Brian Karfunkel — SF Data Traction

Analysis of crime data in SF

View the Project on GitHub bkfunk/sf_data_traction

« Brian Karfunkel home

SF Data Traction

SF provides a lot of interesting data online, including data on all incidents reported to SFPD (including incidents reported by citizens and by officers themselves).* The actual data file, which contains incidents since 2003, can be found here. Note that this is a broader universe than, say, the FBI's Uniform Crime Reporting database, since it includes reported incidents that were deemed by officers to not, in fact, be criminal activity (as well as warnings, etc.). In particular, the data includes latitude and longitude fields for all incidents.

I wanted to see what I could learn from this data, in particular how crime reporting relates to a number of other characteristics. Here, I match incidents for 2012 to Census-Tract-level data from the US Census's 2012 American Community Survey. This allows me to turn incidents into incident rates, since I have population by census tract. It also allows me to look at, say, the relationship between poverty levels and crime rates, or the relationship between the percentage of people who don't have a car and the car theft rate. In order to visualize this disparate data, I create a combination scatter plot and map using d3.js. The final visualization can be viewed here: http://bkfunk.github.io/sf_data_traction/crimestats.html (source).

Cleaning the Data

The data cleaning scripts are located in the /scripts/ directory.

Visualizing the Data

I create some plot templates (located in src/js/charts/) to ease plotting. crimestats.html uses these templates to create a scatter plot, a brush-able distribution plot for each axis on the scatter, and a map showing a choropleth of the data.

I got a shapefile for the SF Census Tracts from the US Census site. I then converted the shapefile to TopoJSON using the bin/create_topojson bash script. I load that TopoJSON file, along with the incidents data, into d3, and merge those two in the javascript so that both geo data and the incident data are bound to each tract element.

Using the visualization, you can select variables to be plotted on:

All three variables can be set indipendently, meaning you can visualize three separate variables in three ways, or one variable on the scatter plot and another on both the scatter plot and choropleth. This allows you to describe some complex relationships in a number of ways.

Mousing over a point in the scatter plot will highlight the corresponding Census tract on the map, and vice versa. Using the brushes on the axis density plots, you can select only a portion of each of the scatter's variables' distributions. For example, you could zoom in on the y-values in the lower part of the distribution. On the choropleth at the right, any tracts that are no longer visible on the scatter plot will switch from a green color scale to a gray color scale. This allows you to, say, zoom in on tracts with high rates of assault and view the distribution of percentage of households with young residents within those high-assault areas and outside those areas.

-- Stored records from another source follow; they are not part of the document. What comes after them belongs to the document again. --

(* Let $m\ge2$, $G=CK(2m-1)$, and let $B$ be a set of edges of Class A with parameters $\alpha,\delta$ (so that $B$ contains all edges of the boundary path $\langle\alpha,\alpha+1,\dots,m-\delta\rangle$). Let $F$ be a simple Hamiltonian path of $G$. If some edge of $F$ connects two vertices of the path $\langle\alpha,\alpha+1,\dots,m-\delta\rangle$, then $F$ and $B$ have an edge in common.
   Context: $CK(2m-1)$ is the complete convex geometric graph on $2m-1$ points in convex position, labelled clockwise $0,\dots,2m-2$ (elements of $\mathbb{Z}_{2m-1}$; indices mod $2m-1$), with all segments as edges. A simple Hamiltonian path is a path through all vertices whose edges pairwise do not cross. Class A: sets consisting of the following edges, for integers $\alpha,\delta\ge0$ with $\alpha+\delta\le m-2$: (1) all edges of the boundary path $\langle\alpha,\alpha+1,\dots,m-\delta\rangle$; (2) the edges $[i-1-\epsilon_i,\,i+\epsilon_i]$, $1\le i\le\alpha$, with $\epsilon_1>\dots>\epsilon_\alpha>0$ and $\alpha-i+1\le\epsilon_i\le m-\delta-i-1$; (3) the edges $[m-j-\xi_j,\,m-j+1+\xi_j]$, $1\le j\le\delta$, with $\xi_1>\dots>\xi_\delta>0$ and $\delta+1-j\le\xi_j\le m-j-\alpha-1$; and in addition $\epsilon_1+\xi_1\le m-2$ (when $\alpha,\delta>0$). *)

(* Complete convex geometric graph CK(n), n = 2m-1, vertices
   labelled 0..n-1 clockwise; an edge is an unordered pair of labels,
   represented by an ordered pair (a,b) up to swapping. *)
From mathcomp Require Import all_boot all_order all_algebra.
Set Implicit Arguments. Unset Strict Implicit. Unset Printing Implicit Defensive.

Local Open Scope ring_scope.
Definition vmod (n : nat) (z : int) : nat := `|(z %% n%:Z)%Z|%N.

Definition same_edge (e f : nat * nat) : bool :=
  ((e.1 == f.1) && (e.2 == f.2)) || ((e.1 == f.2) && (e.2 == f.1)).

(* x lies strictly inside one of the two boundary arcs determined by a,b *)
Definition strictly_between (a b x : nat) : bool := (minn a b < x < maxn a b)%N.

(* two segments between points in convex position cross iff their four
   endpoints are distinct and interleave in the cyclic order *)
Definition cross (e f : nat * nat) : bool :=
  let: (a, b) := e in let: (c, d) := f in
  [&& uniq [:: a; b; c; d] &
      strictly_between a b c != strictly_between a b d].

Definition path_edges (s : seq nat) : seq (nat * nat) := zip s (behead s).

Definition simple_ham_path (n : nat) (F : seq nat) : Prop :=
  perm_eq F (iota 0 n) /\
  (forall e f, e \in path_edges F -> f \in path_edges F -> ~~ cross e f).

Definition classA_params (m alpha delta : nat) (eps xi : nat -> nat) : Prop :=
  (alpha + delta <= m - 2)%N /\
  [/\ (forall i j, (1 <= i)%N -> (i < j)%N -> (j <= alpha)%N -> (eps j < eps i)%N),
      (forall i, (1 <= i <= alpha)%N ->
          [/\ (0 < eps i)%N, (alpha - i + 1 <= eps i)%N & (eps i <= m - delta - i - 1)%N]),
      (forall i j, (1 <= i)%N -> (i < j)%N -> (j <= delta)%N -> (xi j < xi i)%N),
      (forall j, (1 <= j <= delta)%N ->
          [/\ (0 < xi j)%N, (delta + 1 - j <= xi j)%N & (xi j <= m - j - alpha - 1)%N]) &
      ((0 < alpha)%N -> (0 < delta)%N -> (eps 1 + xi 1 <= m - 2)%N)].

Definition classA_edges (m alpha delta : nat) (eps xi : nat -> nat) : seq (nat * nat) :=
  let n := (2 * m - 1)%N in
  [seq (k, k.+1) | k <- iota alpha (m - delta - alpha)] ++
  [seq (vmod n (i%:Z - 1 - (eps i)%:Z), vmod n (i%:Z + (eps i)%:Z)) | i <- iota 1 alpha] ++
  [seq (vmod n (m%:Z - j%:Z - (xi j)%:Z), vmod n (m%:Z - j%:Z + 1 + (xi j)%:Z))
     | j <- iota 1 delta].

(* If an edge {x, y} of F with x < y joins two vertices of the boundary path
   and y > x + 1, then the vertex x + 1 lies on F and has a neighbour t on F.
   The edge {x + 1, t} may not cross {x, y}, so t lies in [x, y] and {x + 1, t}
   is a strictly shorter edge of F spanning a subinterval of [x, y].  Iterating
   yields an edge {k, k + 1} of F inside the boundary path, and every such edge
   belongs to the Class A set B. *)
From mathcomp Require Import all_boot all_order all_algebra zify.
Set Implicit Arguments. Unset Strict Implicit. Unset Printing Implicit Defensive.

Lemma crossCl a b f : cross (a, b) f = cross (b, a) f.
Proof.
case: f => c d; rewrite /cross /strictly_between minnC maxnC.
by congr (_ && _); apply: perm_uniq; rewrite (perm_catCA [:: a] [:: b]).
Qed.

Lemma crossCr e c d : cross e (c, d) = cross e (d, c).
Proof.
case: e => a b; rewrite /cross eq_sym; congr (_ && _); apply: perm_uniq.
by rewrite -[[:: a, b, c & _]]/([:: a; b] ++ [:: c] ++ [:: d]) perm_cat2l perm_catC.
Qed.

Lemma cross_inside_outside x y c d :
  strictly_between x y c -> ~~ (minn x y <= d <= maxn x y) -> cross (x, y) (c, d).
Proof.
rewrite /cross /strictly_between => /andP [xc cy] dout.
have -> : (minn x y < d < maxn x y) = false by apply: contraNF dout => /andP []; lia.
by rewrite xc cy /= !inE !andbT; lia.
Qed.

Definition path_adj (s : seq nat) (u v : nat) : bool :=
  ((u, v) \in path_edges s) || ((v, u) \in path_edges s).

Lemma path_adjC s u v : path_adj s u v = path_adj s v u.
Proof. by rewrite /path_adj orbC. Qed.

Lemma path_adj_cons2 u v s x y :
  path_adj [:: u, v & s] x y = [|| (x == u) && (y == v), (x == v) && (y == u)
                                 | path_adj (v :: s) x y].
Proof.
by rewrite /path_adj /path_edges /= !in_cons !xpair_eqE orbACA -orbA [(y == u) && _]andbC.
Qed.

Lemma path_adj_same_edge s u v :
  path_adj s u v -> exists2 e, e \in path_edges s & same_edge e (u, v).
Proof.
by case/orP => uv; [exists (u, v) | exists (v, u)]; rewrite // /same_edge !eqxx ?orbT.
Qed.

Lemma path_adj_neq s u v : uniq s -> path_adj s u v -> u != v.
Proof.
elim: s => [//|w [//|w' s] IHs] /= /andP [ws uniq_s].
rewrite path_adj_cons2 => /or3P [/andP [/eqP -> /eqP ->] | /andP [/eqP -> /eqP ->] |];
  last exact: IHs.
- by apply: contraNneq ws => ->; rewrite mem_head.
- by apply: contraNneq ws => <-; rewrite mem_head.
Qed.

Lemma path_adj_exists s u : u \in s -> (1 < size s)%N -> exists v, path_adj s u v.
Proof.
elim: s => [//|w [//|w' s] IHs]; rewrite in_cons => /predU1P [-> _|us _].
  by exists w'; rewrite path_adj_cons2 !eqxx.
case: s IHs us => [|w'' s] IHs us.
  by exists w; move: us; rewrite mem_seq1 => /eqP ->; rewrite path_adjC path_adj_cons2 !eqxx.
by have [v uv] := IHs us erefl; exists v; rewrite path_adj_cons2 uv !orbT.
Qed.

Section NoncrossingPath.

Variable s : seq nat.
Hypothesis uniq_s : uniq s.
Hypothesis size_s : (1 < size s)%N.
Hypothesis noncrossing_s :
  forall e f, e \in path_edges s -> f \in path_edges s -> ~~ cross e f.

Lemma path_adj_noncrossing x y c d :
  path_adj s x y -> path_adj s c d -> ~~ cross (x, y) (c, d).
Proof.
case/orP => xy /orP [] cd; [| rewrite crossCr | rewrite crossCl | rewrite crossCl crossCr];
  exact: noncrossing_s.
Qed.

Lemma path_adj_unit_between x y :
  (x < y)%N -> path_adj s x y -> (forall z, (x <= z <= y)%N -> z \in s) ->
  exists2 k, (x <= k < y)%N & path_adj s k k.+1.
Proof.
move=> xy adj_xy cover; have [n] := ubnP (y - x).
elim: n => // n IHn in x y xy adj_xy cover *; move=> dist_lt.
have [y_eq|y_neq] := eqVneq y x.+1; first by subst y; exists x; rewrite ?leqnn.
have [t adj_t] : exists t, path_adj s x.+1 t.
  by apply: path_adj_exists size_s; apply: cover; lia.
have t_in : (x <= t <= y)%N.
  apply: contraNT (path_adj_noncrossing adj_xy adj_t) => t_out.
  by apply: cross_inside_outside; rewrite /strictly_between; lia.
have cover_sub u v : (x <= u)%N -> (v <= y)%N -> forall z, (u <= z <= v)%N -> z \in s.
  by move=> xu vy z uzv; apply: cover; lia.
have [tx|xt|tx] := ltngtP t x.+1.
- rewrite path_adjC in adj_t; have [||k k_in adj_k] := IHn t x.+1 tx adj_t.
  + by apply: cover_sub; lia.
  + lia.
  + by exists k => //; lia.
- have [||k k_in adj_k] := IHn x.+1 t xt adj_t.
  + by apply: cover_sub; lia.
  + lia.
  + by exists k => //; lia.
- by move: (path_adj_neq uniq_s adj_t); rewrite tx eqxx.
Qed.

End NoncrossingPath.

Lemma classA_boundary_edge m alpha delta eps xi k :
  (alpha <= k < m - delta)%N -> (k, k.+1) \in classA_edges m alpha delta eps xi.
Proof.
move=> k_in; rewrite mem_cat; apply/orP; left.
by apply: (map_f (fun k => (k, k.+1))); rewrite mem_iota; lia.
Qed.

Theorem mainTheorem11 (m alpha delta : nat) (eps xi : nat -> nat) (F : seq nat) :
  (2 <= m)%N ->
  classA_params m alpha delta eps xi ->
  simple_ham_path (2 * m - 1) F ->
  (exists2 e, e \in path_edges F &
     [&& (alpha <= e.1 <= m - delta)%N & (alpha <= e.2 <= m - delta)%N]) ->
  exists e f, [/\ e \in path_edges F, f \in classA_edges m alpha delta eps xi
                & same_edge e f].
Proof.
move=> m_ge2 _ [permF noncrossF] [[x y] xyF /andP /= [x_in y_in]].
have uniqF : uniq F by rewrite (perm_uniq permF) iota_uniq.
have sizeF : (1 < size F)%N by rewrite (perm_size permF) size_iota; lia.
have coverF z : (alpha <= z <= m - delta)%N -> z \in F.
  by move=> z_in; rewrite (perm_mem permF) mem_iota; lia.
have {xyF} adj_xy : path_adj F x y by rewrite /path_adj xyF.
have [k k_in adj_k] : exists2 k, (alpha <= k < m - delta)%N & path_adj F k k.+1.
  wlog ltxy : x y x_in y_in adj_xy / (x < y)%N.
    move=> gen; have := path_adj_neq uniqF adj_xy.
    case: ltngtP => // [xy|yx] _; first exact: gen xy.
    by apply: gen yx; rewrite // path_adjC.
  have cover_xy z : (x <= z <= y)%N -> z \in F by move=> z_in; apply: coverF; lia.
  have [k k_in adj_k] := path_adj_unit_between uniqF sizeF noncrossF ltxy adj_xy cover_xy.
  by exists k => //; lia.
have [e eF same_e] := path_adj_same_edge adj_k.
by exists e, (k, k.+1); split; rewrite ?classA_boundary_edge.
Qed.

The d3 code is intentionally pretty agnostic about the precise nature of the data. In order to reuse the visualization with different data, you would just need to get other census-tract-level data with a "tract_id" and another TopoJSON file with the tracts for a different city or region. With a little modification, you could use any type of data associated with any type of map boundary.

*NB: Per the dataset owner's post in the discussion on the data site, "The only data not included in this database is the homicide data."